### Problem details
Lines of the records that hold the word "Variables" are to be counted; give the number and nothing more.

::::

(* Let $B_1,\dots,B_n$ be $n\times n$ complex Hadamard matrices (normalized so that all entries have absolute value $1/\sqrt n$), and let $B=[B_1\,|\,B_2\,|\cdots|\,B_n]$ be the $n\times n^2$ matrix whose columns are all columns of all $B_i$. Let $w_1,\dots,w_n\in\mathbb{C}^{n^2}$ be the rows of $B$. Then $\{B_1,\dots,B_n\}$ is a complete system of mutually unbiased Hadamards if and only if the vectors $w_i\circ w_j$, $1\le i\le j\le n$, are pairwise orthogonal (i.e. $\langle w_i\circ w_j| w_k\circ w_l\rangle=0$ whenever $\{i,j\}\neq\{k,l\}$ as multisets).
   Context: A complex Hadamard matrix is an $n\times n$ unitary matrix all of whose entries have the same absolute value $1/\sqrt{n}$. Two such matrices are mutually unbiased if $|\langle x|y\rangle|=1/\sqrt n$ for every column $x$ of one and every column $y$ of the other. A complete system of mutually unbiased Hadamards (MUHs) in $\mathbb{C}^n$ is a set of $n$ complex Hadamard matrices that are pairwise mutually unbiased (equivalently, together with the identity matrix their column sets form $n+1$ mutually unbiased bases). $\circ$ is the entrywise (Schur) product; $\langle x|y\rangle=\sum_t\overline{x_t}y_t$. *)

(* Complex numbers are modelled by an arbitrary
   numClosedFieldType C (e.g. algC). *)
From HB Require Import structures.
From mathcomp Require Import all_boot all_order all_algebra.
Set Implicit Arguments. Unset Strict Implicit. Unset Printing Implicit Defensive.
Import Order.TTheory GRing.Theory Num.Theory.
Local Open Scope ring_scope.

Definition dotv (C : numClosedFieldType) (I : finType) (x y : I -> C) : C :=
  \sum_(t : I) (x t)^* * y t.

Definition colv (C : numClosedFieldType) (n : nat) (U : 'M[C]_n) (j : 'I_n)
  : 'I_n -> C := fun t => U t j.

Definition unitary (C : numClosedFieldType) (n : nat) (U : 'M[C]_n) : Prop :=
  (map_mx Num.conj U)^T *m U = 1%:M.

Definition hadamard (C : numClosedFieldType) (n : nat) (U : 'M[C]_n) : Prop :=
  unitary U /\ forall i j : 'I_n, `|U i j| = (sqrtC (n%:R : C))^-1.

Definition mutually_unbiased (C : numClosedFieldType) (n : nat) (U V : 'M[C]_n)
  : Prop :=
  forall a b : 'I_n, `|dotv (colv U a) (colv V b)| = (sqrtC (n%:R : C))^-1.

Definition complete_MUH (C : numClosedFieldType) (n : nat)
  (Bs : 'I_n -> 'M[C]_n) : Prop :=
  (forall k, hadamard (Bs k)) /\
  (forall k l : 'I_n, k != l -> mutually_unbiased (Bs k) (Bs l)).

(* row i of B = [B_1 | ... | B_n], with columns indexed by pairs (k, c):
   column (k, c) of B is column c of B_k *)
Definition rowB (C : numClosedFieldType) (n : nat) (Bs : 'I_n -> 'M[C]_n)
  (i : 'I_n) : 'I_n * 'I_n -> C := fun m => Bs m.1 i m.2.

Definition schur (C : numClosedFieldType) (I : finType) (x y : I -> C) : I -> C :=
  fun t => x t * y t.

From HB Require Import structures.
From mathcomp Require Import all_boot all_order all_algebra ring zify.
Set Implicit Arguments. Unset Strict Implicit. Unset Printing Implicit Defensive.
Import Order.TTheory GRing.Theory Num.Theory.
Local Open Scope ring_scope.

(* Proof by a frame-potential argument.  Write M((i,j),(k,l)) for
   <w_i o w_j | w_k o w_l> and G(t,s) for the inner product of columns t and s
   of B = [B_1 | ... | B_n].
   1. For any family of vectors, sum_{x,y} |M(x,y)|^2 = sum_{t,s} |G(t,s)|^4
      ([schur_frame]); both sides expand to the same quadruple sum.
   2. Each w_i has entries of modulus 1/sqrt n, so M(x,x) = M(x,x') = 1 where
      x' is x with its indices swapped; the rest of row x is the "off-diagonal
      mass" [offdiag x] >= 0.
   3. The block G((p,_),(p,_)) is the identity; for p <> q the n^2 numbers
      |G((p,c),(q,d))|^2 sum to n by Parseval, so the variance identity gives
      sum |G|^4 = 1 + [bias p q], where [bias p q] >= 0 vanishes exactly when
      B_p and B_q are mutually unbiased.
   4. Counting the constant contributions, 1. becomes
      sum_x offdiag x = sum_{p <> q} bias p q  ([frame_balance]).
   Both sides are sums of nonnegative terms, so one vanishes iff the other
   does, which is the theorem. *)

Section GeneralIdentities.
Variable C : numClosedFieldType.

Lemma sum_pairs (I J : finType) (F : I * J -> C) :
  \sum_x F x = \sum_i \sum_j F (i, j).
Proof. by rewrite pair_bigA; apply: eq_bigr => -[]. Qed.

Lemma mul_sums (I : finType) (F G : I -> C) :
  (\sum_i F i) * (\sum_j G j) = \sum_(x : I * I) F x.1 * G x.2.
Proof. by rewrite big_distrlr /= pair_bigA. Qed.

Lemma sum_kronecker (I : finType) (F : I -> C) (i : I) :
  \sum_j F j * (i == j)%:R = F i.
Proof.
rewrite (bigD1 i) //= eqxx mulr1 big1 ?addr0 // => j ji.
by rewrite eq_sym (negbTE ji) mulr0.
Qed.

Lemma psumr2_eq0 (I J : finType) (P : pred I) (Q : I -> pred J)
    (F : I -> J -> C) :
  (forall i j, P i -> Q i j -> 0 <= F i j) ->
  \sum_(i | P i) \sum_(j | Q i j) F i j = 0 <->
  (forall i j, P i -> Q i j -> F i j = 0).
Proof.
move=> F_ge0; split=> [sum0 i j Pi Qij | F0]; last first.
  by rewrite big1 // => i Pi; rewrite big1 // => j; apply: F0.
have inner_ge0 a : P a -> 0 <= \sum_(b | Q a b) F a b.
  by move=> Pa; apply: sumr_ge0 => b; apply: F_ge0.
have inner0 := psumr_eq0P inner_ge0 sum0 Pi.
exact: (psumr_eq0P (fun j => F_ge0 i j Pi) inner0 Qij).
Qed.

Lemma sum_sqr_dev (T : finType) (F : T -> C) (a : C) :
  \sum_t F t = #|T|%:R * a ->
  \sum_t (F t - a) ^+ 2 = \sum_t F t ^+ 2 - #|T|%:R * a ^+ 2.
Proof.
move=> mean; under eq_bigr do rewrite sqrrB.
rewrite !big_split /= sumrN sumr_const sumrMnl -mulr_suml mean; ring.
Qed.

Lemma schur_frame (I J : finType) (w : I -> J -> C) :
  \sum_(x : I * I) \sum_(y : I * I)
      `|dotv (schur (w x.1) (w x.2)) (schur (w y.1) (w y.2))| ^+ 2
  = \sum_(t : J) \sum_(s : J) `|dotv (w^~ t) (w^~ s)| ^+ 4.
Proof.
under eq_bigr => x _ do under eq_bigr => y _ do
  rewrite normCK /dotv rmorph_sum big_distrlr /=.
rewrite exchange_big /=; under eq_bigr => x _ do rewrite exchange_big /=.
rewrite exchange_big /=; apply: eq_bigr => t _.
under eq_bigr => x _ do rewrite exchange_big /=.
rewrite exchange_big /=; apply: eq_bigr => s _.
have norm4 (z : C) : `|z| ^+ 4 = (z * z) * (z^* * z^*).
  by rewrite (_ : 4 = 2 * 2)%N // exprM normCK expr2 mulrACA.
rewrite norm4 !rmorph_sum /= !mul_sums [RHS]sum_pairs exchange_big /=.
apply: eq_bigr => y _; apply: eq_bigr => x _.
rewrite /schur !rmorphM /= !conjCK; ring.
Qed.

End GeneralIdentities.

Section Unitary.
Variables (C : numClosedFieldType) (n : nat) (U : 'M[C]_n).
Hypothesis unitU : unitary U.

Lemma unitary_cols c d : dotv (colv U c) (colv U d) = (c == d)%:R.
Proof.
have /matrixP/(_ c d) := unitU; rewrite !mxE => <-.
by apply: eq_bigr => i _; rewrite !mxE.
Qed.

(* ... and so are its rows, since a one-sided inverse is two-sided. *)
Lemma unitary_rows i j : \sum_c U i c * (U j c)^* = (i == j)%:R.
Proof.
have /mulmx1C/matrixP/(_ i j) := unitU; rewrite !mxE => <-.
by apply: eq_bigr => c _; rewrite !mxE.
Qed.

Lemma parseval (x : 'I_n -> C) :
  \sum_d `|dotv x (colv U d)| ^+ 2 = dotv x x.
Proof.
have expand d : `|dotv x (colv U d)| ^+ 2 =
    \sum_i \sum_j (x i)^* * x j * (U i d * (U j d)^*).
  rewrite normCK /dotv rmorph_sum big_distrlr /=; apply: eq_bigr => i _.
  apply: eq_bigr => j _.
  by rewrite rmorphM /= conjCK mulrACA.
under eq_bigr do rewrite expand.
rewrite exchange_big /=; apply: eq_bigr => i _.
rewrite exchange_big /=.
under eq_bigr => j _ do rewrite -mulr_sumr unitary_rows.
exact: sum_kronecker.
Qed.

End Unitary.

Lemma unitary_overlap (C : numClosedFieldType) (n : nat) (U V : 'M[C]_n) :
  unitary U -> unitary V ->
  \sum_c \sum_d `|dotv (colv U c) (colv V d)| ^+ 2 = n%:R.
Proof.
move=> unitU unitV; under eq_bigr do rewrite parseval // unitary_cols // eqxx.
by rewrite sumr_const card_ord.
Qed.

Section SchurSystem.
Variables (C : numClosedFieldType) (n : nat) (Bs : 'I_n -> 'M[C]_n).

Definition gram (t s : 'I_n * 'I_n) : C :=
  dotv (colv (Bs t.1) t.2) (colv (Bs s.1) s.2).

Definition bias (p q : 'I_n) : C :=
  \sum_c \sum_d (`|gram (p, c) (q, d)| ^+ 2 - n%:R^-1) ^+ 2.

Definition schur_dot (x y : 'I_n * 'I_n) : C :=
  dotv (schur (rowB Bs x.1) (rowB Bs x.2)) (schur (rowB Bs y.1) (rowB Bs y.2)).

(* The index pairs denoting the same multiset as x. *)
Definition twins (x : 'I_n * 'I_n) : {set 'I_n * 'I_n} := [set x; (x.2, x.1)].

Definition offdiag (x : 'I_n * 'I_n) : C :=
  \sum_(y | y \notin twins x) `|schur_dot x y| ^+ 2.

Lemma card_twins x : #|twins x| = (x.1 != x.2).+1.
Proof. by case: x => i j; rewrite cards2 xpair_eqE /= [j == i]eq_sym andbb. Qed.

Definition sortp (x : 'I_n * 'I_n) : 'I_n * 'I_n :=
  if (x.1 <= x.2)%N then x else (x.2, x.1).

Lemma sortp_sorted x : ((sortp x).1 <= (sortp x).2)%N.
Proof. by case: x => i j; rewrite /sortp /=; case: (leqP i j) => // /ltnW. Qed.

Lemma sortp_id (x : 'I_n * 'I_n) : (x.1 <= x.2)%N -> sortp x = x.
Proof. by rewrite /sortp => ->. Qed.

Lemma mem_twins x y : (y \in twins x) = (sortp y == sortp x).
Proof.
case: x y => [i j] [k l]; rewrite /twins /sortp in_set2 /=.
by case: (leqP i j) => hij; case: (leqP k l) => hkl;
  rewrite /= !xpair_eqE -!val_eqE /=; lia.
Qed.

Lemma schur_dot_swapl i j y : schur_dot (j, i) y = schur_dot (i, j) y.
Proof.
rewrite /schur_dot /dotv; apply: eq_bigr => t _.
by rewrite /schur /= [rowB _ j _ * _]mulrC.
Qed.

Lemma schur_dot_swapr x k l : schur_dot x (l, k) = schur_dot x (k, l).
Proof.
rewrite /schur_dot /dotv; apply: eq_bigr => t _.
by rewrite /schur /= [rowB _ l _ * _]mulrC.
Qed.

Lemma schur_dot_sortp x y : schur_dot (sortp x) (sortp y) = schur_dot x y.
Proof.
case: x y => [i j] [k l]; rewrite /sortp /=.
case: (leqP i j) => _; case: (leqP k l) => _ //; first exact: schur_dot_swapr.
  exact: schur_dot_swapl.
by rewrite schur_dot_swapl schur_dot_swapr.
Qed.

Lemma sorted_offdiag_iff :
  (forall i j k l : 'I_n, (i <= j)%N -> (k <= l)%N -> (i, j) != (k, l) ->
     schur_dot (i, j) (k, l) = 0) <->
  (forall x y, y \notin twins x -> schur_dot x y = 0).
Proof.
split=> [sorted0 x y | offdiag0 i j k l hij hkl neq].
  rewrite mem_twins -schur_dot_sortp eq_sym => neq.
  by case: (sortp x) (sortp y) (sortp_sorted x) (sortp_sorted y) neq
    => i j [k l]; apply: sorted0.
by apply: offdiag0; rewrite mem_twins !sortp_id // eq_sym.
Qed.

Lemma offdiag_zero_iff :
  (forall x y, y \notin twins x -> schur_dot x y = 0) <->
  \sum_x offdiag x = 0.
Proof.
have sqr_ge0 x y : 0 <= `|schur_dot x y| ^+ 2 by rewrite exprn_ge0.
rewrite (psumr2_eq0 (fun x y _ _ => sqr_ge0 x y)).
split=> [offdiag0 x y _ yx | sqr0 x y yx].
  by rewrite offdiag0 ?normr0 ?expr0n.
by apply/eqP; rewrite -normr_eq0 -sqrf_eq0 sqr0.
Qed.

(* [bias p q] is a sum of squares of real numbers... *)
Lemma bias_ge0 p q c d : 0 <= (`|gram (p, c) (q, d)| ^+ 2 - n%:R^-1) ^+ 2.
Proof. by rewrite -realEsqr rpredB ?rpredV ?rpredX ?realn ?normr_real. Qed.

Lemma bias_eq0 p q : bias p q = 0 <-> mutually_unbiased (Bs p) (Bs q).
Proof.
rewrite (psumr2_eq0 (fun c d _ _ => bias_ge0 p q c d)).
have inv_sqrt_ge0 : 0 <= (sqrtC (n%:R : C))^-1 by rewrite invr_ge0 sqrtC_ge0.
have sqr_invsqrt : (sqrtC (n%:R : C))^-1 ^+ 2 = n%:R^-1.
  by rewrite exprVn sqrtCK.
split=> [dev0 c d | unbiased c d _ _].
  have /eqP := dev0 c d isT isT; rewrite expf_eq0 /= subr_eq0 -sqr_invsqrt.
  by rewrite eqrXn2 ?normr_ge0 // => /eqP.
by rewrite [gram _ _]/= unbiased sqr_invsqrt subrr expr0n.
Qed.

Lemma unbiased_iff_bias0 :
  (forall p q : 'I_n, p != q -> mutually_unbiased (Bs p) (Bs q)) <->
  \sum_p \sum_(q | q != p) bias p q = 0.
Proof.
have bias_sum_ge0 p q : 0 <= bias p q.
  by apply: sumr_ge0 => c _; apply: sumr_ge0 => d _; apply: bias_ge0.
rewrite (psumr2_eq0 (fun p q _ _ => bias_sum_ge0 p q)).
split=> [unbiased p q _ qp | bias0 p q pq]; apply/bias_eq0.
  by apply: unbiased; rewrite eq_sym.
by apply: bias0; rewrite // eq_sym.
Qed.

Hypothesis hadB : forall k, hadamard (Bs k).
Hypothesis n_gt0 : (0 < n)%N.

(* The characteristic is 0, so n is invertible in C when n > 0. *)
Lemma n_neq0 : (n%:R : C) != 0.
Proof. by rewrite pnatr_eq0 -lt0n. Qed.

Lemma entry_sqr p i c : `|Bs p i c| ^+ 2 = n%:R^-1.
Proof. by have [_ ->] := hadB p; rewrite exprVn sqrtCK. Qed.

Lemma schur_dot_diag x : schur_dot x x = 1.
Proof.
rewrite /schur_dot /dotv.
under eq_bigr do rewrite mulrC -normCK /schur normrM exprMn /rowB !entry_sqr.
rewrite sumr_const card_prod card_ord -[LHS]mulr_natr natrM.
by rewrite mulrACA !mulVf ?n_neq0 ?mulr1.
Qed.

Lemma schur_dot_row x :
  \sum_y `|schur_dot x y| ^+ 2 = (x.1 != x.2).+1%:R + offdiag x.
Proof.
rewrite (bigID (mem (twins x))) /= -card_twins -sumr_const; congr (_ + _).
apply: eq_bigr => y /set2P[] ->; last case: x => i j /=.
  by rewrite schur_dot_diag normr1 expr1n.
by rewrite schur_dot_swapr schur_dot_diag normr1 expr1n.
Qed.

Lemma gram_block p q :
  \sum_c \sum_d `|gram (p, c) (q, d)| ^+ 4 =
  if p == q then n%:R else 1 + bias p q.
Proof.
have unit k : unitary (Bs k) by have [] := hadB k.
have [<-|_] := eqVneq p q.
  have gram_same c d : gram (p, c) (p, d) = (c == d)%:R.
    exact: unitary_cols.
  rewrite -[n in RHS]card_ord -sumr_const; apply: eq_bigr => c _.
  rewrite (bigD1 c) //= big1 => [|d dc].
    by rewrite gram_same eqxx normr1 expr1n addr0.
  by rewrite gram_same eq_sym (negbTE dc) normr0 expr0n.
have overlap : \sum_c \sum_d `|gram (p, c) (q, d)| ^+ 2 = n%:R.
  exact: (unitary_overlap (unit p) (unit q)).
have mean : \sum_(e : 'I_n * 'I_n) `|gram (p, e.1) (q, e.2)| ^+ 2 =
    #|{: 'I_n * 'I_n}|%:R * n%:R^-1.
  rewrite sum_pairs /= overlap card_prod card_ord natrM.
  by rewrite -mulrA mulfV ?n_neq0 ?mulr1.
have := sum_sqr_dev mean; rewrite !sum_pairs /= card_prod card_ord natrM.
rewrite -expr2 exprVn mulfV ?expf_neq0 ?n_neq0 // => dev.
rewrite /bias dev addrC subrK; apply: eq_bigr => c _; apply: eq_bigr => d _.
by rewrite -exprM.
Qed.

(* The frame identity, after removing the constant contributions; [others p]
   is the number n - 1 of indices q <> p. *)
Lemma frame_balance : \sum_x offdiag x = \sum_p \sum_(q | q != p) bias p q.
Proof.
have frame : \sum_x \sum_y `|schur_dot x y| ^+ 2 =
    \sum_t \sum_s `|gram t s| ^+ 4 := schur_frame (rowB Bs).
pose others (p : 'I_n) : C := \sum_(q | q != p) 1.
have lhs : \sum_x \sum_y `|schur_dot x y| ^+ 2 =
    \sum_p (1 + others p *+ 2) + \sum_x offdiag x.
  under eq_bigr do rewrite schur_dot_row.
  rewrite big_split /= sum_pairs; congr (_ + _); apply: eq_bigr => p _.
  rewrite (bigD1 p) //= eqxx /= /others -sumrMnl; congr (_ + _).
  by apply: eq_bigr => q qp; rewrite eq_sym qp.
have rhs : \sum_t \sum_s `|gram t s| ^+ 4 =
    \sum_p (1 + others p *+ 2 + \sum_(q | q != p) bias p q).
  rewrite sum_pairs; apply: eq_bigr => p _.
  have -> : \sum_c \sum_s `|gram (p, c) s| ^+ 4 =
      \sum_q \sum_c \sum_d `|gram (p, c) (q, d)| ^+ 4.
    by rewrite [RHS]exchange_big; apply: eq_bigr => c _; rewrite sum_pairs.
  have off : \sum_(q | q != p) \sum_c \sum_d `|gram (p, c) (q, d)| ^+ 4 =
      others p + \sum_(q | q != p) bias p q.
    rewrite /others -big_split; apply: eq_bigr => q qp.
    by rewrite gram_block eq_sym (negbTE qp).
  have n_eq : n%:R = 1 + others p.
    by rewrite -[n in LHS]card_ord -sumr_const (bigD1 p).
  by rewrite (bigD1 p) //= gram_block eqxx off n_eq mulr2n !addrA.
by move: frame; rewrite lhs rhs [in X in _ = X]big_split /= => /addrI.
Qed.

End SchurSystem.

Theorem theorem6 (C : numClosedFieldType) (n : nat) (Bs : 'I_n -> 'M[C]_n) :
  (forall k, hadamard (Bs k)) ->
  (complete_MUH Bs <->
   forall i j k l : 'I_n, (i <= j)%N -> (k <= l)%N -> (i, j) != (k, l) ->
     dotv (schur (rowB Bs i) (rowB Bs j)) (schur (rowB Bs k) (rowB Bs l)) = 0).
Proof.
move=> hadB; have [n0|n_gt0] := posnP n.
  by subst n; split=> [_ [] //|_]; split=> // [[]].
have balance := frame_balance hadB n_gt0.
split=> [[_ unbiased] | sorted0].
- apply/(sorted_offdiag_iff Bs)/(offdiag_zero_iff Bs); rewrite balance.
  exact/(unbiased_iff_bias0 Bs).
- split=> //; apply/(unbiased_iff_bias0 Bs); rewrite -balance.
  exact/(offdiag_zero_iff Bs)/(sorted_offdiag_iff Bs).
Qed.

::::

### Result below
2